Overview
This lecture covers core trigonometry concepts, including angle conversions, reference angles, coterminal angles, right triangle ratios, trig identities, and how to solve common trig problems without a calculator.
Angle Conversion: Degrees and Radians
- To convert degrees to radians, multiply degrees by π/180.
- To convert radians to degrees, multiply radians by 180/π.
- Example: 60° = π/3 radians.
Coterminal Angles
- Coterminal angles share the same terminal side; found by adding or subtracting 360° (or 2π radians).
- Example: 5π/8 + 2π = 21π/8 is coterminal with 5π/8.
Arc Length
- Arc length formula: Arc = angle (in radians) × radius.
- Convert angle to radians before using the formula.
Right Triangle Trigonometry
- SOHCAHTOA: Sine = Opposite/Hypotenuse, Cosine = Adjacent/Hypotenuse, Tangent = Opposite/Adjacent.
- Special triangles include 3-4-5, 5-12-13, 7-24-25, 8-15-17.
Reciprocal and Pythagorean Identities
- sec x = 1/cos x; csc x = 1/sin x; cot x = 1/tan x.
- sin²x + cos²x = 1; 1 + tan²x = sec²x; 1 + cot²x = csc²x.
Trigonometric Function Signs by Quadrant
- Quadrant I: All positive; II: sin positive; III: tan positive; IV: cos positive.
- "All Students Take Calculus" helps remember the signs.
Even and Odd Trig Functions
- sin(-x) = -sin(x); cos(-x) = cos(x).
- tan, cot, csc are odd functions; sec is even.
Cofunction Identities
- sin θ = cos(90°-θ) or cos(π/2-θ).
- tan θ = cot(90°-θ).
Reference Angles
- Quadrant II: 180° - angle; III: angle - 180°; IV: 360° - angle.
- Reference angle is always acute (0-90°).
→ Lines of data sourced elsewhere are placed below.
(* Let $(\Sigma_+,\Sigma_-,N_1,N_2,N_3)$ be a solution of the Wainwright–Hsu system satisfying the constraint, and define for $i=1,2,3$ $$a_i(\tau)=\exp\Big(-\int_0^\tau(3\Sigma_i(s)+1)\,ds\Big),$$ where $\Sigma_1=-\frac23\Sigma_+$, $\Sigma_2=\frac13\Sigma_++\frac1{\sqrt3}\Sigma_-$, $\Sigma_3=\frac13\Sigma_+-\frac1{\sqrt3}\Sigma_-$. (a) If $N_1=0$, $N_2,N_3>0$ and $N_2=N_3$, $\Sigma_-=0$ never hold simultaneously, then $a_i(\tau)\to0$ as $\tau\to\infty$ for $i=1,2,3$. (b) If $N_1<0$ and $N_2,N_3>0$, then $a_2(\tau)\to0$ and $a_3(\tau)\to0$ as $\tau\to\infty$, and $a_1$ is bounded on $[0,\infty)$; in particular all three $a_i$ are bounded as $\tau\to\infty$.
   Context: Wainwright–Hsu system: for functions $N_1,N_2,N_3,\Sigma_+,\Sigma_-$ of $\tau\in\mathbb{R}$ (prime denotes $d/d\tau$), $N_1'=(q-4\Sigma_+)N_1$, $N_2'=(q+2\Sigma_++2\sqrt3\Sigma_-)N_2$, $N_3'=(q+2\Sigma_+-2\sqrt3\Sigma_-)N_3$, $\Sigma_+'=-(2-q)\Sigma_+-3S_+$, $\Sigma_-'=-(2-q)\Sigma_--3S_-$, where $q=2(\Sigma_+^2+\Sigma_-^2)$, $S_+=\frac12[(N_2-N_3)^2-N_1(2N_1-N_2-N_3)]$, $S_-=\frac{\sqrt3}{2}(N_3-N_2)(N_1-N_2-N_3)$, together with the constraint $\Sigma_+^2+\Sigma_-^2+\frac34[N_1^2+N_2^2+N_3^2-2(N_1N_2+N_2N_3+N_1N_3)]=1$. Solutions with these sign conditions exist for all $\tau\in\mathbb{R}$. (Geometrically, the spacetime metric is $-dt^2+\sum_i a_i^{-2}\xi^i\otimes\xi^i$ with $\xi^i$ a left-invariant coframe and $dt/d\tau=3/\theta$.) *)

From Stdlib Require Import Reals.
From Coquelicot Require Import Coquelicot.
Open Scope R_scope.

Definition q_WH (Sp Sm : R) : R := 2 * (Sp ^ 2 + Sm ^ 2).
Definition Splus_WH (N1 N2 N3 : R) : R :=
  / 2 * ((N2 - N3) ^ 2 - N1 * (2 * N1 - N2 - N3)).
Definition Sminus_WH (N1 N2 N3 : R) : R :=
  sqrt 3 / 2 * (N3 - N2) * (N1 - N2 - N3).

Definition WH_solution (N1 N2 N3 Sp Sm : R -> R) : Prop :=
  (forall t, is_derive N1 t ((q_WH (Sp t) (Sm t) - 4 * Sp t) * N1 t)) /\
  (forall t, is_derive N2 t
     ((q_WH (Sp t) (Sm t) + 2 * Sp t + 2 * sqrt 3 * Sm t) * N2 t)) /\
  (forall t, is_derive N3 t
     ((q_WH (Sp t) (Sm t) + 2 * Sp t - 2 * sqrt 3 * Sm t) * N3 t)) /\
  (forall t, is_derive Sp t
     (- (2 - q_WH (Sp t) (Sm t)) * Sp t - 3 * Splus_WH (N1 t) (N2 t) (N3 t))) /\
  (forall t, is_derive Sm t
     (- (2 - q_WH (Sp t) (Sm t)) * Sm t - 3 * Sminus_WH (N1 t) (N2 t) (N3 t))) /\
  (forall t, Sp t ^ 2 + Sm t ^ 2
     + 3 / 4 * (N1 t ^ 2 + N2 t ^ 2 + N3 t ^ 2
                - 2 * (N1 t * N2 t + N2 t * N3 t + N1 t * N3 t)) = 1).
Unit Circle and Exact Values
- Know common reference triangles: 30-60-90 and 45-45-90.
- Cos 60° = 1/2; sin 45° = √2/2; tan 30° = √3/3.
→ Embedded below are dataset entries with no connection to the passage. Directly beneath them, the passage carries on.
(* Let $G$ be a $2$-edge-connected graph and $e\in E(G)$. Then the inequality $x_e\ge 0$ defines a facet of $\mathrm{TECSP}(G)$ if and only if $e$ is not contained in any cut of size exactly $3$.
   Context: All graphs are finite, simple and undirected. For $\emptyset\subsetneq S\subsetneq V(G)$, $\delta(S)$ is the set of edges with exactly one endpoint in $S$ (a cut); a cut with $k$ edges is a $k$-cut. An edge $e$ is a bridge if $\{e\}=\delta(S)$ for some $S$. A graph is $2$-edge-connected if it is connected and has no bridges; the empty graph and a single vertex are $2$-edge-connected. $\chi^H\in\{0,1\}^{E(G)}$ is the incidence vector of $E(H)$, and $\mathrm{TECSP}(G)=\mathrm{conv}\{\chi^H : H\subseteq G\text{ is }2\text{-edge-connected}\}\subseteq\mathbb{R}^{E(G)}$. A facet is a face of dimension $\dim(\mathrm{TECSP}(G))-1$. *)

From HB Require Import structures.
From mathcomp Require Import all_boot all_order all_algebra.
Set Implicit Arguments. Unset Strict Implicit. Unset Printing Implicit Defensive.
Import Order.TTheory GRing.Theory Num.Theory.
Local Open Scope ring_scope.

(* A finite simple graph G is given by a vertex type V, an edge type Ed and
   the endpoint map [ends : Ed -> {set V}] with #|ends f| = 2 (no loops) and
   [ends] injective (no parallel edges). *)

Section Graphs.
Variables (V Ed : finType) (ends : Ed -> {set V}).

Definition cut (F : {set Ed}) (S : {set V}) : {set Ed} :=
  [set f in F | #|ends f :&: S| == 1%N].

Definition is_subgraph (W : {set V}) (F : {set Ed}) : Prop :=
  forall f, f \in F -> ends f \subset W.

Definition adjF (F : {set Ed}) : rel V :=
  fun x y => [exists f in F, ends f == [set x; y]].

Definition sub_connected (W : {set V}) (F : {set Ed}) : Prop :=
  forall x y, x \in W -> y \in W -> connect (adjF F) x y.

Definition is_bridge (W : {set V}) (F : {set Ed}) (f : Ed) : Prop :=
  exists S : {set V}, [/\ S \subset W, S != set0, S != W & cut F S = [set f]].

Definition two_edge_connected (W : {set V}) (F : {set Ed}) : Prop :=
  sub_connected W F /\ forall f, ~ is_bridge W F f.

Definition tec_edgeset (F : {set Ed}) : Prop :=
  exists W : {set V}, is_subgraph W F /\ two_edge_connected W F.

Definition in_3cut (e : Ed) : Prop :=
  exists S : {set V}, [/\ S != set0, S != setT, e \in cut setT S
                        & #|cut setT S| = 3%N].

Variable R : realFieldType.

Definition vec := {ffun Ed -> R^o}.

Definition chi (F : {set Ed}) : vec := [ffun f => if f \in F then 1 else 0].

Definition TECSP (x : vec) : Prop :=
  exists lam : {ffun {set Ed} -> R},
    [/\ forall F, 0 <= lam F,
        forall F, lam F != 0 -> tec_edgeset F,
        \sum_F lam F = 1
      & x = \sum_F lam F *: chi F].

End Graphs.

Definition aff_indep (R : fieldType) (vT : vectType R) (s : seq vT) : bool :=
  if s is x0 :: s' then free [seq y - x0 | y <- s'] else true.

(* affine dimension of a set X: the maximum number of affinely independent
   points of X, minus one (so the empty set has dimension -1) *)
Definition is_affdim (R : fieldType) (vT : vectType R) (X : vT -> Prop) (d : int)
  : Prop :=
  (exists s : seq vT, [/\ forall x, x \in s -> X x, aff_indep s
                        & (size s)%:Z = d + 1])
  /\ (forall s : seq vT, (forall x, x \in s -> X x) -> aff_indep s ->
        (size s)%:Z <= d + 1).

Definition nonneg_facet (Ed : finType) (R : realFieldType)
  (P : vec Ed R -> Prop) (e : Ed) : Prop :=
  (forall x, P x -> 0 <= x e) /\
  exists d : int, is_affdim P d /\ is_affdim (fun x => P x /\ x e = 0) (d - 1).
- Use x = cos θ, y = sin θ in unit circle.
Solving Trig Problems Without Calculator
- Use identities, triangles, or unit circle to solve for exact values.
- Rationalize denominators when needed.
Key Terms & Definitions
- Coterminal Angles — Angles differing by full rotations (360° or 2π).
- Reference Angle — The smallest positive angle between the terminal side and the x-axis.
- Reciprocal Identities — Identities expressing trig functions as reciprocals (e.g., sec x = 1/cos x).
- Pythagorean Identities — Fundamental identities like sin²x + cos²x = 1.
- Cofunction Identities — Pairing of sine/cosine, tangent/cotangent, secant/cosecant based on complementary angles.
Action Items / Next Steps
- Practice converting between degrees and radians.
- Memorize special right triangles and their side ratios.
- Learn and use key trigonometric identities.
- Review the signs of trig functions in all four quadrants.
- Complete any assigned homework or practice problems on angle conversions and reference angles.